→ What needs to be done: Go through the data below and return each line where the string "only" appears.

→ Data shown:
(* Let $r\ge0$ and let $P$ be a finite nonempty subset of $\mathbb{R}$ with $m=\min(P)$. Then \[\mathrm{AR}_r(P)\simeq\bigvee_{p\in P,\ m<p\le m+r}\mathrm{susp}\bigl(\mathrm{AR}_r(\{q\in P\mid q>p+r\})\bigr).\]
   Context: For a subset $P$ of a metric space with metric $d$ and $r\ge0$, the anti-Rips complex $\mathrm{AR}_r(P)$ is the simplicial complex with vertex set $P$ whose simplices are the finite subsets of $P$ in which any two distinct points $p,q$ satisfy $d(p,q)>r$; on $\mathbb{R}$, $d(p,q)=|p-q|$. $\mathrm{AR}_r(\emptyset)$ is the empty complex, $\mathrm{susp}(\emptyset)=S^0$, and a wedge over an empty index set is a point. *)

From HB Require Import structures.
From mathcomp Require Import all_boot all_order all_algebra finmap.
From mathcomp Require Import all_classical all_reals all_analysis.
Set Implicit Arguments. Unset Strict Implicit. Unset Printing Implicit Defensive.
Import Order.TTheory GRing.Theory Num.Theory.
Import numFieldNormedType.Exports.
Local Open Scope classical_set_scope.
Local Open Scope ring_scope.

Definition complex (V : choiceType) := {fset V} -> Prop.

Definition AR {R : realType} (r : R) (P : {fset R}) : complex R :=
  fun s => (s `<=` P)%fset /\
    (forall p q, p \in s -> q \in s -> p != q -> r < `|p - q|).
(* Let $T$ be a linear operator in $H$. If there exist $z\in W_e(T)$ and $w\in\mathbb C\setminus\{0\}$ with $z+w(0,\infty)\subset W(T)$, then $z+w[0,\infty)\subset W_e(T)$.
   Context: $H$ is a separable infinite-dimensional complex Hilbert space; operators need not be closed, closable or densely defined. $W(T)=\{\langle Tx,x\rangle:x\in\operatorname{dom}(T),\|x\|=1\}$, $W_e(T)=\{\lambda:\exists x_n\in\operatorname{dom}(T),\|x_n\|=1,x_n\stackrel{w}{\to}0,\langle Tx_n,x_n\rangle\to\lambda\}$. *)

(* The complex numbers are  R[i]  for  R : realType
   (mathcomp-real-closed's [complex]); a complex Hilbert space is given by
   an  R[i]-module  V  with an inner product  ip  satisfying the axioms below. *)
From mathcomp Require Import all_boot all_order all_algebra.
From mathcomp Require Import reals.
From mathcomp.real_closed Require Import complex.
Set Implicit Arguments. Unset Strict Implicit. Unset Printing Implicit Defensive.
Import Order.TTheory GRing.Theory Num.Theory.
Local Open Scope ring_scope.

Section Hilbert.
Variables (R : realType) (V : lmodType R[i]) (ip : V -> V -> R[i]).

Definition rC (t : R) : R[i] := Complex t 0.

Definition cvgC (u : nat -> R[i]) (l : R[i]) : Prop :=
  forall e : R, 0 < e -> exists N : nat, forall n : nat, (N <= n)%N ->
    `|u n - l| < rC e.
(* Let $V$ be a topological real vector space and $f:V\to\mathbb{R}$ a non-negative function that is positively homogeneous ($f(\lambda x)=\lambda f(x)$ for all $x\in V$, $\lambda>0$). Then for any real number $\alpha>1$ the following are equivalent: (1) $f$ is continuous and $f^{\alpha}$ is strictly convex. (2) $f$ is continuous and strictly quasi-convex. (3) $f$ is strictly sub-convex and $f^{-1}(0)=\{0\}$.
   Context: Topological real vector spaces are not assumed Hausdorff. A function $g$ on a convex set $C$ is strictly convex if $g((1-t)x+ty)<(1-t)g(x)+tg(y)$ for all distinct $x,y\in C$, $t\in(0,1)$; it is strictly quasi-convex if $g((1-t)x+ty)<\max\{g(x),g(y)\}$ for all distinct $x,y\in C$, $t\in(0,1)$. For $f:C\to\mathbb{R}$ and $r\in\mathbb{R}$, $S_r(f)=\{x\in C: f(x)\le r\}$. For a subset $S$, $\mathrm{Aff}(S)$ is its affine hull; $\mathrm{ri}(S)$ and $\mathrm{rc}(S)$ are the interior and closure of $S$ in the subspace topology of $\mathrm{Aff}(S)$. $]x,y[=\{(1-t)x+ty: t\in[0,1]\}\setminus\{x,y\}$. A subset $C$ is strictly convex if for any two distinct $x,y\in\mathrm{rc}(C)$ one has $]x,y[\subseteq\mathrm{ri}(C)$. A function $f:C\to\mathbb{R}$ is strictly sub-convex if $S_r(f)$ is strictly convex for every $r\in\mathbb{R}$. *)

From HB Require Import structures.
From mathcomp Require Import all_boot all_order all_algebra.
From mathcomp Require Import all_classical all_reals all_analysis.
Set Implicit Arguments.
Unset Strict Implicit.
Unset Printing Implicit Defensive.
Import Order.TTheory GRing.Theory Num.Theory.
Import numFieldTopology.Exports.
Local Open Scope classical_set_scope.
Local Open Scope ring_scope.

Section Defs.
Variables (R : realType) (V : topologicalLmodType R).

Definition strictly_convex_fun (g : V -> R) : Prop :=
  forall (x y : V) (t : R), x <> y -> 0 < t -> t < 1 ->
    g ((1 - t) *: x + t *: y) < (1 - t) * g x + t * g y.

Definition strictly_quasi_convex_fun (g : V -> R) : Prop :=
  forall (x y : V) (t : R), x <> y -> 0 < t -> t < 1 ->
    g ((1 - t) *: x + t *: y) < Num.max (g x) (g y).

Definition sublevel (f : V -> R) (r : R) : set V := [set x | f x <= r].

Definition aff_hull (S : set V) : set V :=
  [set x | exists (n : nat) (p : 'I_n -> V) (w : 'I_n -> R),
     (forall i, S (p i)) /\ \sum_(i < n) w i = 1 /\
     x = \sum_(i < n) w i *: p i].

(* relative interior: interior of S in the subspace topology of Aff(S) *)
Definition rel_interior (S : set V) : set V :=
  [set x | aff_hull S x /\
     exists U : set V, open U /\ U x /\ U `&` aff_hull S `<=` S].

(* relative closure: closure of S in the subspace topology of Aff(S) *)
Definition rel_closure (S : set V) : set V :=
  [set x | aff_hull S x /\
     forall U : set V, open U -> U x -> U `&` S !=set0].

Definition open_segment (x y : V) : set V :=
  [set z | (exists2 t : R, 0 <= t <= 1 & z = (1 - t) *: x + t *: y)
           /\ z <> x /\ z <> y].

Definition strictly_convex_set (C : set V) : Prop :=
  forall x y : V, rel_closure C x -> rel_closure C y -> x <> y ->
    open_segment x y `<=` rel_interior C.

Definition strictly_subconvex (f : V -> R) : Prop :=
  forall r : R, strictly_convex_set (sublevel f r).

Definition pos_homogeneous (f : V -> R) : Prop :=
  forall (x : V) (l : R), 0 < l -> f (l *: x) = l * f x.

End Defs.

From HB Require Import structures.
From mathcomp Require Import all_boot all_order all_algebra.
From mathcomp Require Import all_classical all_reals all_analysis.
From mathcomp Require Import ring lra.
Set Implicit Arguments.
Unset Strict Implicit.
Unset Printing Implicit Defensive.
Import Order.TTheory GRing.Theory Num.Theory.
Import numFieldTopology.Exports.
Local Open Scope classical_set_scope.
Local Open Scope ring_scope.

(* A non-negative positively homogeneous f is the gauge of its unit sublevel
   set, so quasi-convexity already makes it subadditive and hence convex;
   composing with the strictly convex increasing map s |-> s ^ alpha on [0, +oo)
   gives (2) -> (1), while (1) -> (2) only uses monotonicity of s |-> s ^ alpha.
   For (2) -> (3), continuity makes S_r closed and {f < r} open, and strict
   quasi-convexity puts every open segment of S_r into {f < r}.  Conversely,
   when f vanishes only at 0, every S_r with r > 0 has the whole space as affine
   hull, so its relative interior is an interior: pushing a point of ]x,y[
   slightly outwards along its ray stays in S_r, which forces f < r on ]x,y[,
   and 0, lying on the segment between the two points of S_1 on the line
   through any x != 0, is an interior point of S_1.  Together with
   subadditivity this bound near 0 gives continuity. *)

Section PowRStrictConvexity.
Variable R : realType.

Lemma expR_conv_lt (L b : R) : L != 0 -> 0 < b < 1 ->
  expR (b * L) < b * expR L + (1 - b).
Proof.
move=> L0 /andP[b0 b1]; set m := b * L.
have m0 : m != 0 by rewrite mulf_neq0 // gt_eqF.
have Lm0 : L - m != 0.
  by rewrite /m -{1}(mul1r L) -mulrBl mulf_neq0 // subr_eq0 gt_eqF.
have tangentL : expR m * (1 + (L - m)) < expR L.
  by rewrite -[X in _ < expR X](subrK m) expRD mulrC ltr_pM2r ?expR_gt0 ?expR_gt1Dx.
have tangent0 : expR m * (1 + (0 - m)) < 1.
  rewrite -[ltRHS](expR0 R) -[X in _ < expR X](subrK m) expRD mulrC ltr_pM2r ?expR_gt0 //.
  by rewrite expR_gt1Dx // sub0r oppr_eq0.
have -> : expR m = b * (expR m * (1 + (L - m))) + (1 - b) * (expR m * (1 + (0 - m))).
  by rewrite /m; ring.
rewrite -[X in _ < _ + X]mulr1; apply: ltrD; rewrite ltr_pM2l ?subr_gt0 //.
Qed.

Lemma powR_bernoulli_lt (al u : R) : 1 < al -> 0 <= u -> u != 1 ->
  1 + al * (u - 1) < u `^ al.
Proof.
move=> al1 u0 u1; have al0 : 0 < al by lra.
have [->|u_neq0] := eqVneq u 0; first by rewrite powR0 ?gt_eqF //; lra.
have u_gt0 : 0 < u by rewrite lt_neqAle eq_sym u_neq0.
(* strict convexity of [expR] between [0] and [al * ln u], with weight [al^-1] *)
have lnu0 : al * ln u != 0 by rewrite mulf_neq0 ?ln_eq0 // gt_eqF.
have ial : 0 < al^-1 < 1 by rewrite invr_gt0 al0 invf_lt1.
have := expR_conv_lt lnu0 ial.
rewrite mulrA mulVf ?gt_eqF // mul1r lnK ?posrE //.
have -> : expR (al * ln u) = u `^ al by rewrite /powR (negbTE u_neq0).
rewrite -(ltr_pM2l al0) mulrDr mulrA mulfV ?gt_eqF // mul1r.
rewrite mulrBr mulr1 mulfV ?gt_eqF //; lra.
Qed.

Lemma powR_tangent_lt (al m s : R) : 1 < al -> 0 < m -> 0 <= s -> s != m ->
  m `^ al + al * m `^ al / m * (s - m) < s `^ al.
Proof.
move=> al1 m0 s0 sm; have m_neq0 := lt0r_neq0 m0.
have u1 : s / m != 1.
  by apply: contra sm => /eqP sm1; rewrite -(divfK m_neq0 s) sm1 mul1r.
have := powR_bernoulli_lt al1 (divr_ge0 s0 (ltW m0)) u1.
rewrite -(ltr_pM2l (powR_gt0 al m0)) -powRM ?divr_ge0 ?(ltW m0) //.
rewrite [m * (s / m)]mulrCA mulfV // mulr1.
suff -> : m `^ al + al * m `^ al / m * (s - m) = m `^ al * (1 + al * (s / m - 1)) by [].
by field.
Qed.

Lemma powR_conv_lt (al a b t : R) : 1 < al -> 0 <= a -> 0 <= b -> a != b ->
  0 < t < 1 -> ((1 - t) * a + t * b) `^ al < (1 - t) * a `^ al + t * b `^ al.
Proof.
move=> al1 a0 b0 ab /andP[t0 t1]; have t1' : 0 < 1 - t by rewrite subr_gt0.
set m := (1 - t) * a + t * b.
have m0 : 0 < m.
  have [a_lt_b|b_lt_a|a_eq_b] := ltgtP a b; last by rewrite a_eq_b eqxx in ab.
  - by rewrite /m; nra.
  - by rewrite /m; nra.
have a_neq_m : a != m.
  rewrite -subr_eq0 (_ : a - m = t * (a - b)); last by rewrite /m; ring.
  by rewrite mulf_neq0 ?(lt0r_neq0 t0) // subr_eq0.
have b_neq_m : b != m.
  rewrite -subr_eq0 (_ : b - m = (1 - t) * (b - a)); last by rewrite /m; ring.
  by rewrite mulf_neq0 ?(lt0r_neq0 t1') // subr_eq0 eq_sym.
(* average the two strict tangent-line inequalities at [m] *)
set K := al * m `^ al / m.
have -> : m `^ al = (1 - t) * (m `^ al + K * (a - m)) + t * (m `^ al + K * (b - m)).
  by rewrite /m; ring.
by apply: ltrD; rewrite ltr_pM2l // powR_tangent_lt.
Qed.

End PowRStrictConvexity.

Section TopologicalLmodule.
Variables (R : realType) (V : topologicalLmodType R).

Lemma near_scale_subr (x : V) (c : R) (U : set V) :
  nbhs 0 U -> \forall y \near x, U (c *: (y - x)).
Proof.
apply: (_ : (fun y => c *: (y - x)) @ x --> (0 : V)).
rewrite -(scaler0 _ c) -(subrr x).
apply: (@continuous_comp V (R^o * V)%type V (fun y => (c, y - x)) (fun z => z.1 *: z.2));
  last exact: scale_continuous.
apply: (@cvg_pair _ _ _ _ (nbhs (c : R^o))); first exact: cvg_cst.
apply: (@continuous_comp V (V * V)%type V (fun y => (y, x)) (fun z => z.1 - z.2));
  last exact: sub_continuous.
by apply: (@cvg_pair _ _ _ _ (nbhs x)); [exact: cvg_id | exact: cvg_cst].
Qed.

Lemma nbhs_scale_gt1 (z : V) (U : set V) : nbhs z U -> exists2 l : R, 1 < l & U (l *: z).
Proof.
move=> Uz.
have : (fun l : R^o => l *: z) @ (1 : R^o) --> z.
  rewrite -[X in _ --> X]scale1r.
  apply: (@continuous_comp R^o (R^o * V)%type V (fun l => (l, z)) (fun p => p.1 *: p.2));
    last exact: scale_continuous.
  by apply: (@cvg_pair _ _ _ _ (nbhs (1 : R^o))); [exact: cvg_id | exact: cvg_cst].
move=> /(_ _ Uz) /nbhs_ballP [e /= e0 Ue].
exists (1 + e / 2); first by rewrite ltrDl divr_gt0.
apply: Ue; rewrite -ball_normE /= opprD addrA subrr sub0r normrN ger0_norm ?divr_ge0 ?ltW //.
by rewrite ltr_pdivrMr // ltr_pMr // ltr1n.
Qed.

Lemma aff_hull_self (S : set V) : S `<=` aff_hull S.
Proof.
move=> w Sw; exists 1%N, (fun _ => w), (fun _ => 1).
by rewrite !big_ord1 scale1r.
Qed.

Lemma rel_closure_self (S : set V) : S `<=` rel_closure S.
Proof. by move=> x Sx; split; [exact: aff_hull_self | move=> U _ Ux; exists x]. Qed.

Lemma open_segment_conv (x y : V) (t : R) : x <> y -> 0 < t -> t < 1 ->
  open_segment x y ((1 - t) *: x + t *: y).
Proof.
move=> xy t0 t1; split; first by exists t; rewrite ?ltW.
split => /eqP; rewrite -subr_eq0.
- have -> : (1 - t) *: x + t *: y - x = t *: (y - x).
    by rewrite scalerBl scale1r scalerBr addrAC [x - _]addrC addrK addrC.
  by rewrite scaler_eq0 gt_eqF //= subr_eq0 => /eqP/esym.
- have -> : (1 - t) *: x + t *: y - y = (1 - t) *: (x - y).
    by rewrite scalerBr scalerBl scale1r scalerBl scale1r opprB addrA.
  by rewrite scaler_eq0 subr_eq0 (gt_eqF t1) /= subr_eq0 => /eqP.
Qed.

→ Answer for the task:
   gives (2) -> (1), while (1) -> (2) only uses monotonicity of s |-> s ^ alpha.
   when f vanishes only at 0, every S_r with r > 0 has the whole space as affine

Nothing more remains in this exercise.